# California Shopping :)



## urbestreality (Apr 19, 2006)

Hey Everyone,

I'm going to CAlifornia on vacation and I really want to go crazy shopping 
	

	
	
		
		

		
			





 .  Were going to San Diego, LA, Costa Mesa, and Huntington Beach.  I would love to get a lot for my money and I know there are places to get really cute clothes for cheap but I'm not sure where their at.  Any Suggestions??


Thanks


----------



## KristineBelle15 (Apr 19, 2006)

On Garnet Ave. in Pacific Beach here in San Diego is AWESOME!


----------



## urbestreality (Apr 20, 2006)

THANKS SO MUCH......I will Def. go.


----------



## lindsay (May 1, 2006)

in huntington beach there are the cutest shops all down by the pier... the main one that i remember is called HSS, and there are a bunch of good shops near there as well. also fashion valley center in san diego is a good one... {those are my picks even though i haven't been there in like a year and i'm not from CA 
	

	
	
		
		

		
		
	


	




 }


----------



## bebs (May 1, 2006)

fashion valley is always good -san diego 
south coast plaza - costa mesa (not cheap but really nice)
also when your in costa masa (its like 10 - 15 minutes away) go to newport, fashion island, the beach umm then down the 101 is laguna tons of shops clothing and tons of other things higher rent higher prices.. and then as you go up the walk lower prices of things... its also a wonderful place to go and hang out during the day, I do that when I get bored!!! 
hunting beach is nice but last time I went there most of the shops were closed down and alot of work was being done within the streats.. mind that this was a month ago so dont know at the moment. 
LA is wonderful if you want to make the clothing your self -mind you I know people that do this- the cloth.. or um fabric district I've been told is cheap and good, as well as the clothing district, I <3 this place only been there once an dying to go up there again, as for mac pro store up in la...
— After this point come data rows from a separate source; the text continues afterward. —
(* It holds that \[ \mathscr{A}(\mathbb{R}^3\otimes\mathbb{R}^3\otimes\mathbb{R}^3)=\mathscr{A}(\mathrm{Sym}^3(\mathbb{R}^3))=\frac{1}{\sqrt{\max_{A\in\mathbb{R}^3\otimes\mathbb{R}^3\otimes\mathbb{R}^3}\operatorname{rk}_\perp(A)}}=\frac{1}{\sqrt7}. \] Moreover, the symmetric tensor associated with the Chebyshev cubic $\mathrm{Ch}_{3,3}(x)=x_1^3-3x_1(x_2^2+x_3^2)$ is extremal, both in $\mathbb{R}^3\otimes\mathbb{R}^3\otimes\mathbb{R}^3$ and in $\mathrm{Sym}^3(\mathbb{R}^3)$.
   Context: Tensors and their norms: \begin{itemize} \item The Frobenius inner product on real $(n_1,\dots,n_d)$-tensors is $\langle A,A'\rangle_F=\sum a_{i_1\dots i_d}a'_{i_1\dots i_d}$, with norm $\|A\|_F$. \item A rank-one tensor is a nonzero $x^{(1)}\otimes\cdots\otimes x^{(d)}$. \item The spectral norm is $\|A\|_2=\max_{\|x^{(j)}\|=1}\langle A,x^{(1)}\otimes\cdots\otimes x^{(d)}\rangle_F$. \end{itemize} Best rank-one approximation ratio: \begin{itemize} \item For a linear subspace $V$ of the tensor space (either the full tensor space or the space $\mathrm{Sym}^d(\mathbb{R}^n)$ of symmetric $n^d$-tensors), $\mathscr{A}(V)=\min_{0\neq A\in V}\|A\|_2/\|A\|_F$. \item A nonzero $A\in V$ is called extremal (in $V$) if $\|A\|_2/\|A\|_F=\mathscr{A}(V)$. \end{itemize} Orthogonal rank: $\operatorname{rk}_\perp(A)$ is the smallest $r$ with $A=Y_1+\dots+Y_r$, where the $Y_\ell$ are rank-one tensors that are pairwise orthogonal in $\langle\cdot,\cdot\rangle_F$. The symmetric tensor $A$ associated with a form $p\in P_{d,n}$ is the unique symmetric tensor with $p(x)=\langle A,x\otimes\cdots\otimes x\rangle_F$. *)

From Stdlib Require Import Reals List ClassicalEpsilon.
Open Scope R_scope.

(* Index set {1,2,3} of R^3 (I0,I1,I2 correspond to coordinates 1,2,3). *)
Inductive idx3 : Type := I0 | I1 | I2.

Definition sum3 (f : idx3 -> R) : R := f I0 + f I1 + f I2.

Definition vec3 := idx3 -> R.
Definition tensor := idx3 -> idx3 -> idx3 -> R.

Definition tzero : tensor := fun _ _ _ => 0.
Definition tadd (A B : tensor) : tensor := fun i j k => A i j k + B i j k.

Definition vnorm (x : vec3) : R := sqrt (sum3 (fun i => x i * x i)).

Definition frob_inner (A B : tensor) : R :=
  sum3 (fun i => sum3 (fun j => sum3 (fun k => A i j k * B i j k))).
Definition frob_norm (A : tensor) : R := sqrt (frob_inner A A).

Definition outer (x y z : vec3) : tensor := fun i j k => x i * y j * z k.

Definition rank_one (T : tensor) : Prop :=
  T <> tzero /\ exists x y z : vec3, T = outer x y z.

Definition is_glb (E : R -> Prop) (m : R) : Prop :=
  (forall y, E y -> m <= y) /\ (forall b, (forall y, E y -> b <= y) -> b <= m).

(* Spectral norm: max over unit x,y,z of <A, x (x) y (x) z>_F
   (defined as the supremum, which is attained). *)
Definition spec_values (A : tensor) : R -> Prop :=
  fun v => exists x y z : vec3,
    vnorm x = 1 /\ vnorm y = 1 /\ vnorm z = 1 /\ v = frob_inner A (outer x y z).
Definition spec_norm (A : tensor) : R :=
  epsilon (inhabits 0) (fun s => is_lub (spec_values A) s).

Definition full_space : tensor -> Prop := fun _ => True.
Definition symmetric (A : tensor) : Prop :=
  forall i j k, A i j k = A j i k /\ A i j k = A i k j /\ A i j k = A k j i.
Definition sym_space : tensor -> Prop := symmetric.

(* Best rank-one approximation ratio A(V) = min_{0<>A in V} ||A||_2/||A||_F
   (defined as the infimum; extremality below asserts it is attained). *)
Definition ratio_values (V : tensor -> Prop) : R -> Prop :=
  fun r => exists A, V A /\ A <> tzero /\ r = spec_norm A / frob_norm A.
Definition brao (V : tensor -> Prop) : R :=
  epsilon (inhabits 0) (fun m => is_glb (ratio_values V) m).

Definition extremal (V : tensor -> Prop) (A : tensor) : Prop :=
  V A /\ A <> tzero /\ spec_norm A / frob_norm A = brao V.

Definition orth_decomp (A : tensor) (r : nat) : Prop :=
  exists Ys : list tensor,
    length Ys = r /\
    Forall rank_one Ys /\
    (forall a b, (a < r)%nat -> (b < r)%nat -> a <> b ->
       frob_inner (nth a Ys tzero) (nth b Ys tzero) = 0) /\
    A = fold_right tadd tzero Ys.

Definition rk_perp (A : tensor) : nat :=
  epsilon (inhabits 0%nat)
    (fun r => orth_decomp A r /\ forall r', orth_decomp A r' -> (r <= r')%nat).

Definition max_rk_perp : nat :=
  epsilon (inhabits 0%nat)
    (fun m => (exists A, rk_perp A = m) /\ forall A, (rk_perp A <= m)%nat).

Definition cheb33 (x : vec3) : R :=
  x I0 ^ 3 - 3 * x I0 * (x I1 ^ 2 + x I2 ^ 2).

Definition assoc_sym_tensor (p : vec3 -> R) (A : tensor) : Prop :=
  symmetric A /\ forall x : vec3, p x = frob_inner A (outer x x x).

(* Every real 3x3 matrix pencil has a
   singular member (a real binary cubic has a real zero).  Hence one finds
   orthogonal directions u1, u2 whose slices [sum_i u_i A_i..] are singular;
   with u3 = u1 x u2 the tensor is the sum of its three slices, a singular
   slice splits into two orthogonal rank-one matrices along an orthogonal
   basis containing a left-kernel vector, and the last slice into three.
   This gives [rk_perp A <= 7] for every A ([orth_decomp7]).

   If A = Y_1 + ... + Y_r orthogonally, each Y_l is
   the projection of A on itself, so [|Y_l|_F <= ||A||_2] and by Pythagoras
   [|A|_F^2 <= r ||A||_2^2] ([orth_decomp_bound]); thus
   [||A||_2 / |A|_F >= 1/sqrt 7].

   The Chebyshev tensor Ch has [|Ch|_F^2 = 7] and [||Ch||_2 = 1],
   attaining the bound; it is symmetric, so both ratios equal 1/sqrt 7, and the
   same bound forces [rk_perp Ch = 7], the maximal orthogonal rank. *)

From Stdlib Require Import Reals Lra Psatz List ClassicalEpsilon Classical
  FunctionalExtensionality Arith Lia Wf_nat.
Import ListNotations.
Open Scope R_scope.

Definition dot (x y : vec3) : R := sum3 (fun i => x i * y i).

Definition cross (a b : vec3) : vec3 := fun i =>
  match i with
  | I0 => a I1 * b I2 - a I2 * b I1
  | I1 => a I2 * b I0 - a I0 * b I2
  | I2 => a I0 * b I1 - a I1 * b I0
  end.

Definition mk3 (a b c : R) : vec3 :=
  fun i => match i with I0 => a | I1 => b | I2 => c end.
Definition vlin (s : R) (p : vec3) (t : R) (q : vec3) : vec3 := fun i => s * p i + t * q i.
Definition vsc (c : R) (v : vec3) : vec3 := fun i => c * v i.

Definition nz (v : vec3) : Prop := 0 < dot v v.

Definition orth_triple (a b c : vec3) : Prop :=
  nz a /\ nz b /\ nz c /\ dot a b = 0 /\ dot a c = 0 /\ dot b c = 0.

Ltac vsimpl := unfold dot, cross, vlin, vsc, mk3, sum3 in *.

Lemma dot_ge0 x : 0 <= dot x x.
Proof. vsimpl; nra. Qed.

Lemma dot_sym x y : dot x y = dot y x.
Proof. vsimpl; ring. Qed.

Lemma not_nz_zero x : ~ nz x -> forall i, x i = 0.
Proof.
  unfold nz; intros H i; pose proof (dot_ge0 x) as G.
  assert (Z : dot x x = 0) by lra; vsimpl; destruct i; nra.
Qed.

Lemma not_nz_dot x w : ~ nz x -> dot x w = 0.
Proof. intros H; pose proof (not_nz_zero x H) as Z; vsimpl; rewrite !Z; ring. Qed.

Lemma nz_cross_sym a b : nz (cross b a) -> nz (cross a b).
Proof. unfold nz; replace (dot (cross a b) (cross a b)) with (dot (cross b a) (cross b a)) by (vsimpl; ring); auto. Qed.

Lemma complete_orth v : nz v -> exists p q, orth_triple p q v.
Proof.
  intros Hv. destruct (classic (v I0 = 0 /\ v I1 = 0)) as [[h0 h1] | h].
  - exists (mk3 1 0 0), (mk3 0 1 0). unfold orth_triple, nz in *; vsimpl.
    rewrite h0, h1 in *; repeat split; lra.
  - assert (0 < v I0 * v I0 + v I1 * v I1).
    { destruct (Req_dec (v I0) 0); [assert (v I1 <> 0) by tauto |]; nra. }
    exists (mk3 (- v I1) (v I0) 0),
      (mk3 (- v I0 * v I2) (- v I1 * v I2) (v I0 * v I0 + v I1 * v I1)).
    unfold orth_triple, nz in *; vsimpl; repeat split; nra.
Qed.

Lemma orth_triple_cross u v : nz u -> nz v -> dot u v = 0 -> orth_triple u v (cross u v).
Proof.
  intros Hu Hv Huv. unfold orth_triple. repeat split; auto; try (vsimpl; ring).
  unfold nz in *.
  replace (dot (cross u v) (cross u v)) with (dot u u * dot v v - dot u v * dot u v) by (vsimpl; ring).
  rewrite Huv; nra.
Qed.

Definition e1 : vec3 := mk3 1 0 0.
Definition e2 : vec3 := mk3 0 1 0.
Definition e3 : vec3 := mk3 0 0 1.

Lemma std_basis : orth_triple e1 e2 e3.
Proof. unfold orth_triple, nz, e1, e2, e3; vsimpl; repeat split; lra. Qed.

Lemma cramer a b c y i :
  dot a (cross b c) * y i = dot y a * cross b c i + dot y b * cross c a i + dot y c * cross a b i.
Proof. destruct i; vsimpl; ring. Qed.

(* The square of a determinant is the Gram determinant; for an orthogonal
   triple this is the product of the squared lengths. *)
Lemma det_sq_orth a b c : dot a b = 0 -> dot a c = 0 -> dot b c = 0 ->
  dot a (cross b c) * dot a (cross b c) = dot a a * dot b b * dot c c.
Proof.
  intros ab ac bc.
  assert (Gram : dot a (cross b c) * dot a (cross b c) =
    dot a a * dot b b * dot c c + 2 * dot a b * dot b c * dot a c
    - dot a a * dot b c * dot b c - dot b b * dot a c * dot a c - dot c c * dot a b * dot a b)
    by (vsimpl; ring).
  rewrite Gram, ab, ac, bc; ring.
Qed.

Lemma orth_basis_zero a b c y : orth_triple a b c ->
  dot y a = 0 -> dot y b = 0 -> dot y c = 0 -> forall i, y i = 0.
Proof.
  intros (Ha & Hb & Hc & ab & ac & bc) ya yb yc i.
  pose proof (det_sq_orth a b c ab ac bc) as D. unfold nz in *.
  assert (Dnz : dot a (cross b c) <> 0).
  { intro Z; rewrite Z in D; assert (0 < dot a a * dot b b * dot c c) by
      (repeat apply Rmult_lt_0_compat; auto); lra. }
  pose proof (cramer a b c y i) as E; rewrite ya, yb, yc in E.
  apply (Rmult_eq_reg_l (dot a (cross b c))); lra.
Qed.

Definition coef (a x : vec3) : R := dot a x / dot a a.

Lemma orth_expand a b c x : orth_triple a b c ->
  forall i, x i = coef a x * a i + coef b x * b i + coef c x * c i.
Proof.
  intros T. pose proof T as (Ha & Hb & Hc & ab & ac & bc). unfold nz, coef in *.
  set (y := fun i => x i - (dot a x / dot a a * a i + dot b x / dot b b * b i
                            + dot c x / dot c c * c i)).
  assert (ya : dot y a = dot x a - dot a x / dot a a * dot a a
     - dot b x / dot b b * dot a b - dot c x / dot c c * dot a c) by (unfold y; vsimpl; ring).
  assert (yb : dot y b = dot x b - dot a x / dot a a * dot a b
     - dot b x / dot b b * dot b b - dot c x / dot c c * dot b c) by (unfold y; vsimpl; ring).
  assert (yc : dot y c = dot x c - dot a x / dot a a * dot a c
     - dot b x / dot b b * dot b c - dot c x / dot c c * dot c c) by (unfold y; vsimpl; ring).
  rewrite ab, ac, bc, (dot_sym x a), (dot_sym x b), (dot_sym x c) in *.
  intro i. assert (Y : y i = 0).
  { apply (orth_basis_zero a b c y T).
    - rewrite ya; field; lra.
    - rewrite yb; field; lra.
    - rewrite yc; field; lra. }
  unfold y in Y; lra.
Qed.

Lemma orth_expand2 a b c x : orth_triple a b c -> dot c x = 0 ->
  forall i, x i = coef a x * a i + coef b x * b i.
Proof.
  intros T Hx i. rewrite (orth_expand a b c x T i).
  unfold coef; rewrite Hx; unfold Rdiv; ring.
Qed.
Definition mat := idx3 -> idx3 -> R.
Definition col (M : mat) (k : idx3) : vec3 := fun j => M j k.
Definition det3 (M : mat) : R := dot (col M I0) (cross (col M I1) (col M I2)).

Lemma binary_cubic_root a b c d : exists s t, (s <> 0 \/ t <> 0) /\
  a * s^3 + b * s^2 * t + c * s * t^2 + d * t^3 = 0.
Proof.
  destruct (Req_dec a 0) as [Ha | Ha].
  { exists 1, 0; split; [left; lra | subst; ring]. }
  set (B := b / a); set (C := c / a); set (D := d / a).
  set (M := 1 + Rabs B + Rabs C + Rabs D).
  pose proof (Rle_abs B); pose proof (Rle_abs (- B)); pose proof (Rle_abs C);
  pose proof (Rle_abs (- C)); pose proof (Rle_abs D); pose proof (Rle_abs (- D)).
  rewrite !Rabs_Ropp in *.
  assert (HM : 1 <= M) by (unfold M; pose proof (Rabs_pos B); pose proof (Rabs_pos C);
                           pose proof (Rabs_pos D); lra).
  set (f := fun s => s^3 + B * s^2 + C * s + D).
  (* [f] is a monic cubic, positive at [M] and negative at [-M]. *)
  assert (Mpos : 0 < f M).
  { unfold f; assert (M <= M * M) by nra.
    assert (B * (M * M) >= - Rabs B * (M * M)) by nra.
    assert (C * M >= - Rabs C * (M * M)) by nra.
    assert (D >= - Rabs D * (M * M)) by nra. unfold M in *; nra. }
  assert (Mneg : f (- M) < 0).
  { unfold f; assert (M <= M * M) by nra.
    assert (B * (M * M) <= Rabs B * (M * M)) by nra.
    assert (- C * M <= Rabs C * (M * M)) by nra.
    assert (D <= Rabs D * (M * M)) by nra. unfold M in *; nra. }
  destruct (IVT f (- M) M ltac:(unfold f; reg) ltac:(lra) Mneg Mpos) as [z [_ Hz]].
  exists z, 1; split; [right; lra |].
  unfold f, B, C, D in Hz.
  replace (a * z^3 + b * z^2 * 1 + c * z * 1^2 + d * 1^3)
    with (a * (z^3 + b / a * z^2 + c / a * z + d / a)) by (field; auto).
  rewrite Hz; ring.
Qed.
I know of just down the ally cheap but good clothing stores... but they are also out of the way if you would like me to pm me and I'll try to get the addresses to you.


----------



## urbestreality (May 16, 2006)

Thanks so much guys....you've been so helpful


----------



## wowzakadowza (Jun 23, 2006)

my faves around here include:

huntington beach- main street for sure (the pier)

costa mesa- south coast plaza and if your into stores like urban outfitters, theres a little mall called the lab right down the street (thelab.com) & the camp is across the street. let me just warn you, the lab does not look like a mall. there are about 7 or 8 stores ish and its camouflaged haha theres like chinese lanterns outside & its says "the lab" (just warning you if you decide to go, a little difficult to find if youve never been there)

newport beach- fashion island


if i think of more later ill post


----------



## likeomgsteffduh (Jun 23, 2006)

everything here in California is super expnsive.

Santa Cruz is pretty far from where your going to be at.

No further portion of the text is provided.